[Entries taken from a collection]
★ ★ ★ ★ ★

(* For integers $n\ge2$, $0<k<n$ and $0<i\le n$, the number of directed paths in $\Gamma$ from $(i,0)$ to $(n,k)$ is $$\pi(n,k,i)=\sum_{s=0}^{\min\{k,\,n-i\}}\binom{k}{s}\binom{n-k}{n-i-s}\,\pi(n-i,s,0).$$
   Context: Let $\Gamma$ be the directed graph whose nodes are the pairs $(n,k)$ of integers with $n\ge k\ge 0$, and whose edges are, for all $n\ge k\ge 0$: $(n+1,k)\to(n+1,k+1)$ and $(n,n-k)\to(n+1,k+1)$. $\pi(n,k,i)$ denotes the number of directed paths in $\Gamma$ from $(i,0)$ to $(n,k)$, where the trivial path counts when $(i,0)=(n,k)$ (so $\pi(0,0,0)=1$, and $\pi(m,0,0)=0$ for $m\ge1$). *)

From HB Require Import structures.
From mathcomp Require Import all_boot finmap.
From mathcomp Require Import boolp classical_sets cardinality.

Set Implicit Arguments.
Unset Strict Implicit.
Unset Printing Implicit Defensive.

Local Open Scope classical_set_scope.

(* Nodes of Gamma are pairs (n,k) with n >= k >= 0. *)
Definition node := (nat * nat)%type.

Definition edge (a b : node) : Prop :=
  exists n k, (k <= n)%N /\
    ((a = (n.+1, k) /\ b = (n.+1, k.+1)) \/ (a = (n, n - k) /\ b = (n.+1, k.+1))).

(* A directed path from u to v: the vertex sequence u :: p, with consecutive
   vertices joined by edges and last vertex v.  p = [::] is the trivial path. *)
Definition is_dpath (u v : node) (p : seq node) : Prop :=
  last u p = v /\
  forall j, (j < size p)%N -> edge (nth u (u :: p) j) (nth u p j).

(* pi n k i = number of directed paths from (i,0) to (n,k)
   (the cardinality of the set of such paths; this set is finite). *)
Definition piG (n k i : nat) : nat :=
  #|` fset_set [set p : seq node | is_dpath (i, 0) (n, k) p] |.

From mathcomp Require Import all_boot finmap zify.
From mathcomp Require Import boolp classical_sets cardinality.

Set Implicit Arguments.
Unset Strict Implicit.
Unset Printing Implicit Defensive.

Local Open Scope classical_set_scope.

(* A path into (m+1, j+1) ends with an edge from (m+1, j) or from (m, m-j),
   which gives the recurrence
     pi(m+1, j+1, i) = pi(m+1, j, i) + pi(m, m-j, i),
   with pi(m, 0, i) = [m = i] and pi(m, j, i) = 0 for m < i.  Writing n = i + d,
   the right-hand side
     C(d, r, k) = sum_a binom(k, a) binom(r, d-a) pi(d, a, 0),  r = n - k,
   satisfies the same recurrence in (d, k): by Pascal's rule in both binomials,
     C(d+1, r, k+1) = C(d+1, r+1, k) + C(d, k, r),
   where the reversed convolution C(d, k, r) appears through the term
   pi(d+1, a+1, 0) - pi(d+1, a, 0) = pi(d, d-a, 0).  Induction on d and then on k
   identifies both sides. *)

Definition edgeb (a b : node) : bool :=
  [&& 0 < b.1, 0 < b.2, b.2 <= b.1 &
     (a == (b.1, b.2.-1)) || (a == (b.1.-1, b.1 - b.2))].

Lemma edgeP a b : edge a b <-> edgeb a b.
Proof.
split.
  case=> n [k [kn [[-> ->]|[-> ->]]]]; rewrite /edgeb /= ltnS kn /=.
    by rewrite eqxx.
  by rewrite subSS eqxx orbT.
case: a b => a1 a2 [[|m] [|j]] //; rewrite /edgeb /= => /andP[jm /orP[]] /eqP[-> ->].
  by exists m, j; split => //; left.
by exists m, j; split => //; right; rewrite subSS.
Qed.

Lemma dpathP u v p : is_dpath u v p <-> path edgeb u p /\ last u p = v.
Proof.
split; first by case=> hl hn; split => //; apply/(pathP u) => j /hn /edgeP.
by case=> /(pathP u) hp hl; split => // j /hp /edgeP.
Qed.

Section PathEnumeration.

Variable i : nat.

Fixpoint dpaths (m : nat) : nat -> seq (seq node) :=
  fix dpaths_m j := match j with
  | 0 => if m == i then [:: [::]] else [::]
  | j'.+1 =>
    if j'.+1 <= m then
      [seq rcons p (m, j'.+1) | p <- dpaths_m j'] ++
      if m is m'.+1 then [seq rcons p (m, j'.+1) | p <- dpaths m' (m' - j')]
      else [::]
    else [::]
  end.

Lemma dpaths0 m : dpaths m 0 = if m == i then [:: [::]] else [::].
Proof. by case: m. Qed.

Lemma dpaths_sound m j p :
  p \in dpaths m j -> path edgeb (i, 0) p /\ last (i, 0) p = (m, j).
Proof.
elim: m j p => [|m IHm] j p.
  case: j => [|j] //=; case: eqP => // <-.
  by rewrite inE => /eqP ->.
elim: j p => [|j IHj] p /=.
  by case: eqP => // <-; rewrite inE => /eqP ->.
case: ifP => // jm; rewrite mem_cat => /orP[] /mapP[q /[swap] -> ].
  case/IHj => hp hl.
  by rewrite rcons_path last_rcons hp hl /edgeb /= jm eqxx.
case/IHm => hp hl.
by rewrite rcons_path last_rcons hp hl /edgeb /= jm subSS eqxx orbT.
Qed.

Lemma dpaths_complete m j p :
  path edgeb (i, 0) p -> last (i, 0) p = (m, j) -> p \in dpaths m j.
Proof.
elim/last_ind: p m j => [|q v IHq] m j.
  by move=> _ [<- <-]; rewrite dpaths0 eqxx inE.
rewrite rcons_path last_rcons => /andP[hq] /[swap] ->.
case: m j => [|m] [|j] //; rewrite /edgeb /= => /andP[jm /orP[]] /eqP hl;
  rewrite jm mem_cat; apply/orP; [left | right]; apply/mapP; exists q => //.
  exact: IHq _ _ hq hl.
by apply: IHq; rewrite // hl subSS.
Qed.

Lemma dpaths_uniq m j : uniq (dpaths m j).
Proof.
elim: m j => [|m IHm] j; first by case: j => [|j] //=; case: eqP.
elim: j => [|j IHj] /=; first by case: eqP.
case: ifP => // jm.
rewrite cat_uniq !(map_inj_uniq (@rcons_injl _ _)) IHj IHm andbT /=.
apply/hasPn => _ /mapP[q qin ->]; apply/negP => /mapP[q' q'in eq_rcons].
have eqq : q = q' by exact: rcons_injl eq_rcons.
have [_ last_q] := dpaths_sound qin.
have [_ last_q'] := dpaths_sound (m := m.+1) (j := j) q'in.
by move: last_q; rewrite eqq last_q' => -[]; lia.
Qed.

Lemma piG_size m j : piG m j i = size (dpaths m j).
Proof.
rewrite /piG.
have -> : [set p | is_dpath (i, 0) (m, j) p] = [set` [fset p in dpaths m j]%fset].
  apply/seteqP; split => p /=; rewrite inE.
    by case/dpathP; apply: dpaths_complete.
  by case/dpaths_sound => hp hl; apply/dpathP.
by rewrite set_fsetK card_fseq undup_id ?dpaths_uniq.
Qed.

End PathEnumeration.

Lemma piG0 m i : piG m 0 i = (m == i).
Proof. by rewrite piG_size dpaths0; case: eqP. Qed.

Lemma piG_recS m j i :
  j <= m -> piG m.+1 j.+1 i = piG m.+1 j i + piG m (m - j) i.
Proof. by move=> jm; rewrite !piG_size /= ltnS jm size_cat !size_map; case: j jm. Qed.

Lemma piG_small m j i : m < i -> piG m j i = 0.
Proof.
rewrite piG_size; elim: m j => [|m IHm] j mi.
  by case: j => [|j] //=; case: eqP => // e; rewrite -e in mi.
elim: j => [|j IHj] /=; first by case: eqP => // e; rewrite e ltnn in mi.
by case: ifP => // _; rewrite size_cat !size_map IHj IHm // ltnW.
Qed.

Lemma piG_diag i k : k <= i -> piG i k i = 1.
Proof.
elim: k => [|k IHk] ki; first by rewrite piG0 eqxx.
case: i ki IHk => // i ki IHk.
by rewrite piG_recS // IHk 1?ltnW // piG_small.
Qed.

Lemma sum_binS_l k e (F : nat -> nat) :
  \sum_(0 <= a < e.+1) 'C(k.+1, a) * F a =
  \sum_(0 <= a < e.+1) 'C(k, a) * F a + \sum_(0 <= a < e) 'C(k, a) * F a.+1.
Proof.
rewrite !big_nat_recl // !bin0.
under eq_bigr do rewrite binS mulnDl.
by rewrite big_split /=; lia.
Qed.

Lemma sum_binS_r r e (F : nat -> nat) :
  \sum_(0 <= a < e.+2) 'C(r.+1, e.+1 - a) * F a =
  \sum_(0 <= a < e.+2) 'C(r, e.+1 - a) * F a +
  \sum_(0 <= a < e.+1) 'C(r, e - a) * F a.
Proof.
rewrite [LHS]big_nat_recr // [X in _ = X + _]big_nat_recr //= subnn !bin0.
rewrite addnAC -big_split /=.
congr (_ + _); apply: eq_big_nat => a /andP[_ ae].
by rewrite subSn // binS mulnDl.
Qed.

Definition conv_pi0 (d r k : nat) : nat :=
  \sum_(0 <= a < d.+1) 'C(k, a) * 'C(r, d - a) * piG d a 0.

Lemma conv_pi0S d r k :
  conv_pi0 d.+1 r k.+1 = conv_pi0 d.+1 r.+1 k + conv_pi0 d k r.
Proof.
rewrite /conv_pi0.
under eq_bigr do rewrite -mulnA.
under [in RHS]eq_bigr do rewrite -mulnA mulnCA.
rewrite sum_binS_l sum_binS_r -!addnA; congr (_ + _).
  by apply: eq_bigr => a _; rewrite mulnCA.
have recS a : 0 <= a < d.+1 ->
    'C(k, a) * ('C(r, d.+1 - a.+1) * piG d.+1 a.+1 0) =
    'C(r, d - a) * ('C(k, a) * piG d.+1 a 0) + 'C(k, a) * ('C(r, d - a) * piG d (d - a) 0).
  by move=> /andP[_ ad]; rewrite subSS piG_recS // !mulnDr mulnCA.
rewrite (eq_big_nat _ _ (fun a => recS a)) big_split /=; congr (_ + _).
rewrite big_nat_rev /=; apply: eq_big_nat => a /andP[_ ad].
by rewrite add0n subSS subKn // mulnCA mulnA.
Qed.

Lemma piG_addl_conv i d k : k <= i + d -> piG (i + d) k i = conv_pi0 d (i + d - k) k.
Proof.
elim: d k => [|d IHd] k.
  by rewrite addn0 => ki; rewrite piG_diag // /conv_pi0 big_nat1 !bin0 piG0.
rewrite addnS; elim: k => [|k IHk] kid.
  rewrite piG0 /conv_pi0 big_nat_recl // piG0 muln0 big1 => [|a _]; last by rewrite bin0n.
  by case: eqP => //; lia.
rewrite piG_recS // IHk 1?ltnW // IHd ?leq_subr // subKn // subSS subSn //.
by rewrite conv_pi0S.
Qed.

Lemma piG_conv n k i : i <= n -> k <= n ->
  piG n k i = \sum_(0 <= s < (n - i).+1) 'C(k, s) * 'C(n - k, n - i - s) * piG (n - i) s 0.
Proof. by move=> le_in le_kn; rewrite -{1 3}(subnKC le_in) piG_addl_conv ?subnKC. Qed.

Theorem proposition4 (n k i : nat) :
  (2 <= n)%N -> (0 < k < n)%N -> (0 < i <= n)%N ->
  piG n k i =
  (\sum_(0 <= s < (minn k (n - i)).+1)
      'C(k, s) * 'C(n - k, n - i - s) * piG (n - i) s 0)%N.
Proof.
(* Only k <= n and i <= n matter; the terms with s > k vanish. *)
move=> _ /andP[_ /ltnW le_kn] /andP[_ le_in].
rewrite piG_conv //; case: (leqP k (n - i)) => // le_k_ni.
rewrite (big_cat_nat _ (n := k.+1)) //= [X in _ + X]big_nat_cond.
by rewrite [X in _ + X]big1 ?addn0 // => s /andP[/andP[lt_ks _] _]; rewrite bin_small.
Qed.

★ ★ ★ ★ ★

→ **What needs to be done**: From the records above, give again exactly the lines running from the line with "by exists m, j; split => //; left." to the line with "split; first by", inclusive.

→ **Answer for this exercise**:
  by exists m, j; split => //; left.
by exists m, j; split => //; right; rewrite subSS.
Qed.

Lemma dpathP u v p : is_dpath u v p <-> path edgeb u p /\ last u p = v.
Proof.
split; first by case=> hl hn; split => //; apply/(pathP u) => j /hn /edgeP.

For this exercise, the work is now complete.